--- THE RECORDS ---

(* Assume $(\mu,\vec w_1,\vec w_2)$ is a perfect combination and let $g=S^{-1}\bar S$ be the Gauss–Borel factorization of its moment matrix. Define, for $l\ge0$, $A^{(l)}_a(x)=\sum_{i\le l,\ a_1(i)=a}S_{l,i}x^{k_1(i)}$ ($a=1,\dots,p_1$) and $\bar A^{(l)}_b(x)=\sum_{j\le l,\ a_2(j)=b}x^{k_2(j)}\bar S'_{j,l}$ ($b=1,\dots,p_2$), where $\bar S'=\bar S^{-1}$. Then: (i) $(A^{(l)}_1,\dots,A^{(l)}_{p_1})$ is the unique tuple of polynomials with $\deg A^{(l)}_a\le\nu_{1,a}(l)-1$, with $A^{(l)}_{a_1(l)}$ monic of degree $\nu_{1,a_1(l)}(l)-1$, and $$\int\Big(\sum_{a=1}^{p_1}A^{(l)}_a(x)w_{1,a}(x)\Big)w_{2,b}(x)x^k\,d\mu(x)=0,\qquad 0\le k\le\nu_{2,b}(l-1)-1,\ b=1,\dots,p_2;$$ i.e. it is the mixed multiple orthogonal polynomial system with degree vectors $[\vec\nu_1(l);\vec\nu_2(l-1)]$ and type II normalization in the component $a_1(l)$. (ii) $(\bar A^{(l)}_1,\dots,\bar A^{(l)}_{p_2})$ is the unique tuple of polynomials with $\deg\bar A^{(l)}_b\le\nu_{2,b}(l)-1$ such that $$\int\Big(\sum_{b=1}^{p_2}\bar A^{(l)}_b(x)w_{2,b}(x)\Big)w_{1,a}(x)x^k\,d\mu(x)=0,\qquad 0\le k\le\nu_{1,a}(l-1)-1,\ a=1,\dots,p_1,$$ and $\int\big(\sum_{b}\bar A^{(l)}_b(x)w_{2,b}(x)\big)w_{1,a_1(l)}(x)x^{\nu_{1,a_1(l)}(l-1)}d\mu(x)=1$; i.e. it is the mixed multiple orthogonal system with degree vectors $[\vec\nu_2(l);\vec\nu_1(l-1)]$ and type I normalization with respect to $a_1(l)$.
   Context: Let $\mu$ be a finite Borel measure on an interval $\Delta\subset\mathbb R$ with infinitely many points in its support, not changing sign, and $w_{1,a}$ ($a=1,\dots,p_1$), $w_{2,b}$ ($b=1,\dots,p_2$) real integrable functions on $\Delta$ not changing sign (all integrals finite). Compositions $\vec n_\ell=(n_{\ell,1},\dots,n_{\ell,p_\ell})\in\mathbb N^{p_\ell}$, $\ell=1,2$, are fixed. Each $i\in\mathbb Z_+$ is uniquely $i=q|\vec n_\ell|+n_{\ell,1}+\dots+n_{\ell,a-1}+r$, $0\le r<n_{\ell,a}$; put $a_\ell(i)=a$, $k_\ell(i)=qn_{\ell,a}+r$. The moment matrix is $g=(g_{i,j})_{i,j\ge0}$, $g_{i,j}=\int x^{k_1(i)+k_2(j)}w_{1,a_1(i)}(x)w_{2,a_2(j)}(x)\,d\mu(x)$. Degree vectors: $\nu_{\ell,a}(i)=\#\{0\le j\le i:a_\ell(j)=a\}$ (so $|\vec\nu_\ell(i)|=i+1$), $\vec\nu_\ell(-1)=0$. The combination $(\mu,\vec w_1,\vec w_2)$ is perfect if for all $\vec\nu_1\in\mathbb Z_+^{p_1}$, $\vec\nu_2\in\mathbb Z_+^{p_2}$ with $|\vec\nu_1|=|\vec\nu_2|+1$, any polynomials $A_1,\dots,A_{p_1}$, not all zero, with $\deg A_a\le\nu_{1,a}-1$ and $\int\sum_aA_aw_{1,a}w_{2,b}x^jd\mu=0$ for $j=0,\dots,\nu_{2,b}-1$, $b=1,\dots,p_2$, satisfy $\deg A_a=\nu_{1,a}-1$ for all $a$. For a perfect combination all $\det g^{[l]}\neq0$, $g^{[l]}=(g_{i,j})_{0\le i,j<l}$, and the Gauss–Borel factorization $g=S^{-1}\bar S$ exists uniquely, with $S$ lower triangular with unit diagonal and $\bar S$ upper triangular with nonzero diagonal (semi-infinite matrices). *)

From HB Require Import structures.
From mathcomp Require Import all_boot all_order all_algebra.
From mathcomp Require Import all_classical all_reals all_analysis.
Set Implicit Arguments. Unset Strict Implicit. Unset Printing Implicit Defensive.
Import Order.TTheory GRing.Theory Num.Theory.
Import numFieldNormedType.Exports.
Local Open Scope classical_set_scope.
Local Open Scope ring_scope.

---
--- THE RECORDS ---

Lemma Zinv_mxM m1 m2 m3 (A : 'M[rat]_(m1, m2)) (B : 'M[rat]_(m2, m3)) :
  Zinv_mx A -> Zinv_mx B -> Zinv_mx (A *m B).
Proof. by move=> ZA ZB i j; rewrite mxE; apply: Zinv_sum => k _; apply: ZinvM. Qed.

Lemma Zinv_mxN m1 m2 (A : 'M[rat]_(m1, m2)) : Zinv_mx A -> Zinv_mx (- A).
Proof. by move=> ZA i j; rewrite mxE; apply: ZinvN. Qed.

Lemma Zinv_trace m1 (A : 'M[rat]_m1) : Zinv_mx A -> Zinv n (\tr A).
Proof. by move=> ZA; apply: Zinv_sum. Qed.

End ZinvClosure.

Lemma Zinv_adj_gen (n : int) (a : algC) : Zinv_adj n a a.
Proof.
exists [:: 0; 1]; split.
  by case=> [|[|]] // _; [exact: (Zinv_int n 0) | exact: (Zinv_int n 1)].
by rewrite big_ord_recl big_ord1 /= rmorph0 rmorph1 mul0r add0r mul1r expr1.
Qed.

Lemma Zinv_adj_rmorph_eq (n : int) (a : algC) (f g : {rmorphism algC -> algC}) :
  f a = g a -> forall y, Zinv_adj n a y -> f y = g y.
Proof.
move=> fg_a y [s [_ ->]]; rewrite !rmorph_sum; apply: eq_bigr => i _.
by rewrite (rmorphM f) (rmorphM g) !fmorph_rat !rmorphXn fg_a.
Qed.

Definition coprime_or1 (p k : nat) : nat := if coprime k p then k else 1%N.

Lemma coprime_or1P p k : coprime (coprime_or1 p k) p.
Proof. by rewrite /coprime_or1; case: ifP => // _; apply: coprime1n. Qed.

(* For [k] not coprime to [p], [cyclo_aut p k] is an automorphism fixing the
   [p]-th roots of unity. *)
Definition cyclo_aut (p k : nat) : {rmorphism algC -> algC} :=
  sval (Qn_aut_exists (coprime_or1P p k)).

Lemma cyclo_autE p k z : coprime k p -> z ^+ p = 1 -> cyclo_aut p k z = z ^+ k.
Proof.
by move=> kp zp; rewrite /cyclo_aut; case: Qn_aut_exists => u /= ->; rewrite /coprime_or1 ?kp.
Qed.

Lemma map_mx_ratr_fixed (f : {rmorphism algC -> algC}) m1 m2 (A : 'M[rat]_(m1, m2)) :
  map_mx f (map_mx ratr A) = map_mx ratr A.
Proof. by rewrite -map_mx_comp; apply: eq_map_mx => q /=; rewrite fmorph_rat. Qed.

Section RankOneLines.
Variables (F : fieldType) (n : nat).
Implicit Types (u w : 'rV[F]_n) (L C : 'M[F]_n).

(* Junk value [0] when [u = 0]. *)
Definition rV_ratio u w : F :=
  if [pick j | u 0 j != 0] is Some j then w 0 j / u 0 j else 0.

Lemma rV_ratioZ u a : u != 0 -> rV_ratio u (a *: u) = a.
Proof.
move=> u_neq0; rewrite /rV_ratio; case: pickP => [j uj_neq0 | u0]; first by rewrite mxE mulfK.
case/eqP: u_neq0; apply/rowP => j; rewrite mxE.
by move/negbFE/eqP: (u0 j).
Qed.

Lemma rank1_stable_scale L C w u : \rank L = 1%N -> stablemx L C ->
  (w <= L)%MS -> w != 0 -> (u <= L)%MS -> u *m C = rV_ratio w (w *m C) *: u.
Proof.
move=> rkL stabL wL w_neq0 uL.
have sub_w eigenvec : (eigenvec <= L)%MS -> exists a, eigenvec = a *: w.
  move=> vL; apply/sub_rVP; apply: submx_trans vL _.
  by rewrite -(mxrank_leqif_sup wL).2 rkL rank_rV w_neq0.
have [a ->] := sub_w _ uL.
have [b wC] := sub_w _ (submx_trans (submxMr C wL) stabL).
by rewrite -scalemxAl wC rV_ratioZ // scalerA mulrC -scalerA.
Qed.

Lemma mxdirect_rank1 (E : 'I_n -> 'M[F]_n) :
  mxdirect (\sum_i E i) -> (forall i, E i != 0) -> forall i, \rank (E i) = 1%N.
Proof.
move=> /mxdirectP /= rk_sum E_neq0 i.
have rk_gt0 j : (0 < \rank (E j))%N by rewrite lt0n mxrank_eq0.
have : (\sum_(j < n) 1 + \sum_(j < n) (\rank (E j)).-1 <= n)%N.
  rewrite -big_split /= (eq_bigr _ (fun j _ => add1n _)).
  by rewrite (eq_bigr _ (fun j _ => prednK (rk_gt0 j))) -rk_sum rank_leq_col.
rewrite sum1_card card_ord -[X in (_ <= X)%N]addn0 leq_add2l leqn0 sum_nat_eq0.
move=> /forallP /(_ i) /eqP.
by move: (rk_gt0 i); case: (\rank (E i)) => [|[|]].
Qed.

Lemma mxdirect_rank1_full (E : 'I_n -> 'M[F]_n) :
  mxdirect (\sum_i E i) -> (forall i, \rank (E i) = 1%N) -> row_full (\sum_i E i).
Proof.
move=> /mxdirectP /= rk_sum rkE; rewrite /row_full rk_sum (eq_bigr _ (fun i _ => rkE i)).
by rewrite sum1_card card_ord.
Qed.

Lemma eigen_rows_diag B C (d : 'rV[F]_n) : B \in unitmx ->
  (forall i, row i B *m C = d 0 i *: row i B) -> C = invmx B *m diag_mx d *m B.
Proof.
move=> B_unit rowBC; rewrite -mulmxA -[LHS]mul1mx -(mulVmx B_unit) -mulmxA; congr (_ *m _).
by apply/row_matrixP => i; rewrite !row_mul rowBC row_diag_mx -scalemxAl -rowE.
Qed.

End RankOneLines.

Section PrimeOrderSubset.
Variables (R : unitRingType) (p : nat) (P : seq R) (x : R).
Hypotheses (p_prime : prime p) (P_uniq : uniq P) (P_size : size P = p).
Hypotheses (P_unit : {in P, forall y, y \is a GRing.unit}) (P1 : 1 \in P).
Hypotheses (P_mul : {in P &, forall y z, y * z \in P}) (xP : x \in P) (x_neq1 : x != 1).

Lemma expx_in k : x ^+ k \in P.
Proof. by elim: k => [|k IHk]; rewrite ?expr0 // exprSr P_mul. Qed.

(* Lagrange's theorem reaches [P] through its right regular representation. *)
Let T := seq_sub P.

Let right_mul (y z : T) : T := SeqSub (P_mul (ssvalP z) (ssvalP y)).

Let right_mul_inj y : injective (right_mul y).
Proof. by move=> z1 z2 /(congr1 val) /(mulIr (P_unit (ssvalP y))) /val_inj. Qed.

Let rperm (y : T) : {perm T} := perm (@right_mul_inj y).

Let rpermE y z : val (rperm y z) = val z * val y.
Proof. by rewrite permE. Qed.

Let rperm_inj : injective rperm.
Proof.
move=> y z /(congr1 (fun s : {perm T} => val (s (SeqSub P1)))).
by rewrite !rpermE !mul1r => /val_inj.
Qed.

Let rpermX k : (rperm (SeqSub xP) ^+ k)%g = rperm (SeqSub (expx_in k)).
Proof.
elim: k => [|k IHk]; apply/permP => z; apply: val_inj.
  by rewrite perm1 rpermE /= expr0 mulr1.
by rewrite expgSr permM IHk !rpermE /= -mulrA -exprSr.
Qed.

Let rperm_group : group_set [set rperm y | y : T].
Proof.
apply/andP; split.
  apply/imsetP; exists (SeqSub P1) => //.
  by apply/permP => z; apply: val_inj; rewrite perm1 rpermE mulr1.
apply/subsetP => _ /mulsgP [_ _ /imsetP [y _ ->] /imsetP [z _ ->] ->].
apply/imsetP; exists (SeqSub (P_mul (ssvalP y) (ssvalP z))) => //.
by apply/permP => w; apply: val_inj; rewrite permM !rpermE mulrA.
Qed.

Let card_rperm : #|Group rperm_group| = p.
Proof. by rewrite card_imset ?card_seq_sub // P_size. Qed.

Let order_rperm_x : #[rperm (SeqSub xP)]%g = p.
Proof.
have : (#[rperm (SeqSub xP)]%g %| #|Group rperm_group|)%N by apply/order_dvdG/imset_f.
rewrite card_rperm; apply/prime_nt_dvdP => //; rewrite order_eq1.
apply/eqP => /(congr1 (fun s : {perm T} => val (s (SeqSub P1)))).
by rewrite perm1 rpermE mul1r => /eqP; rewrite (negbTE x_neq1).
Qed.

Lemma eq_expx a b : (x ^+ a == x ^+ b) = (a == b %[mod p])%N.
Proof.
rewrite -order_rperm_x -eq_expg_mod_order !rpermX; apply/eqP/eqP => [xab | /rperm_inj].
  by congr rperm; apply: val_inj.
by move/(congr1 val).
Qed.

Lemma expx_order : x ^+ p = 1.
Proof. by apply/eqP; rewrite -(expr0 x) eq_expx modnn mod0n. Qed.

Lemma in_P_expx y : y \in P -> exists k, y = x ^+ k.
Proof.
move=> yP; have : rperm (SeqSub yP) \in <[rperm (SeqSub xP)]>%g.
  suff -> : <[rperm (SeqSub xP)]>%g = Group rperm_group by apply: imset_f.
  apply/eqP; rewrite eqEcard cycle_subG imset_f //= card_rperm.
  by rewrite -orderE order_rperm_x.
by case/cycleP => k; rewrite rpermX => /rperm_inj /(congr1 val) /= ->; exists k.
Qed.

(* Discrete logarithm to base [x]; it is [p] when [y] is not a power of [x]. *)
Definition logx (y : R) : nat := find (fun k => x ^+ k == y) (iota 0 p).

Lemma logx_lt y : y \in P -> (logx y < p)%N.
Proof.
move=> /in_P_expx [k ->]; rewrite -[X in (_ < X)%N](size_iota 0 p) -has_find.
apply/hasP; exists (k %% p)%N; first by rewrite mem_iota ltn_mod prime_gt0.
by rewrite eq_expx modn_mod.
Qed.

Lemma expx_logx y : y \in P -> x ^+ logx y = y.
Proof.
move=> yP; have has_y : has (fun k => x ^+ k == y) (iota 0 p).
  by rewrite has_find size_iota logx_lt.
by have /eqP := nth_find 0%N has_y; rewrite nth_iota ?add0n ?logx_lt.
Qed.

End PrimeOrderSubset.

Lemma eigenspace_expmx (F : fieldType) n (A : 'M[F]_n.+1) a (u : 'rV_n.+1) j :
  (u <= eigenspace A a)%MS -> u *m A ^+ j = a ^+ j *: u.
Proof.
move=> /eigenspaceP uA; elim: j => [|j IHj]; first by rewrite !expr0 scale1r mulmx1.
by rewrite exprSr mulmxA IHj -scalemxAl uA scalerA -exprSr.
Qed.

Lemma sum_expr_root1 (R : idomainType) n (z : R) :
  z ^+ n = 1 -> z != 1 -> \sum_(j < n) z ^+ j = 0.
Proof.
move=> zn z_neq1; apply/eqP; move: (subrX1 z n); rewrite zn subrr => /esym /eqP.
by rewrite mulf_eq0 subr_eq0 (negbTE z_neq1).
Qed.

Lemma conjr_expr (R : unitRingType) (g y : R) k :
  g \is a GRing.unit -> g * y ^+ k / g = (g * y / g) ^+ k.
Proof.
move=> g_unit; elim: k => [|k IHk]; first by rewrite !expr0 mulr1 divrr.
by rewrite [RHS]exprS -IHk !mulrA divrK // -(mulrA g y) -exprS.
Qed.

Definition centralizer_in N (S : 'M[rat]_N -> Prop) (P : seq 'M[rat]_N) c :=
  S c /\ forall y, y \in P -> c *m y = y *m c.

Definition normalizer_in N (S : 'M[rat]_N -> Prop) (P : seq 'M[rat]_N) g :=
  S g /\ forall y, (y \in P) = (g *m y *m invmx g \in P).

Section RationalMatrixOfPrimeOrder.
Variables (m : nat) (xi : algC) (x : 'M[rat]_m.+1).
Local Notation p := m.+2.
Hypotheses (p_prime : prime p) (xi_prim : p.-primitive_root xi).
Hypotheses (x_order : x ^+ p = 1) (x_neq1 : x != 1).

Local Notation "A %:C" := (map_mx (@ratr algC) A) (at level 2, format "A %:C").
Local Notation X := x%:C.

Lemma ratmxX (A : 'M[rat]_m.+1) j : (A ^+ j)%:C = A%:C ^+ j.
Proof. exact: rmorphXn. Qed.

---

* **YOUR OBJECTIVE**: Copy out, word for word, the part of the entries above that begins at the line with "Local Open Scope classical_set_scope." and ends at the line with "Local Open Scope ring_scope.", including both.

* **SOLUTION TO THE PROBLEM**:
Local Open Scope classical_set_scope.
Local Open Scope ring_scope.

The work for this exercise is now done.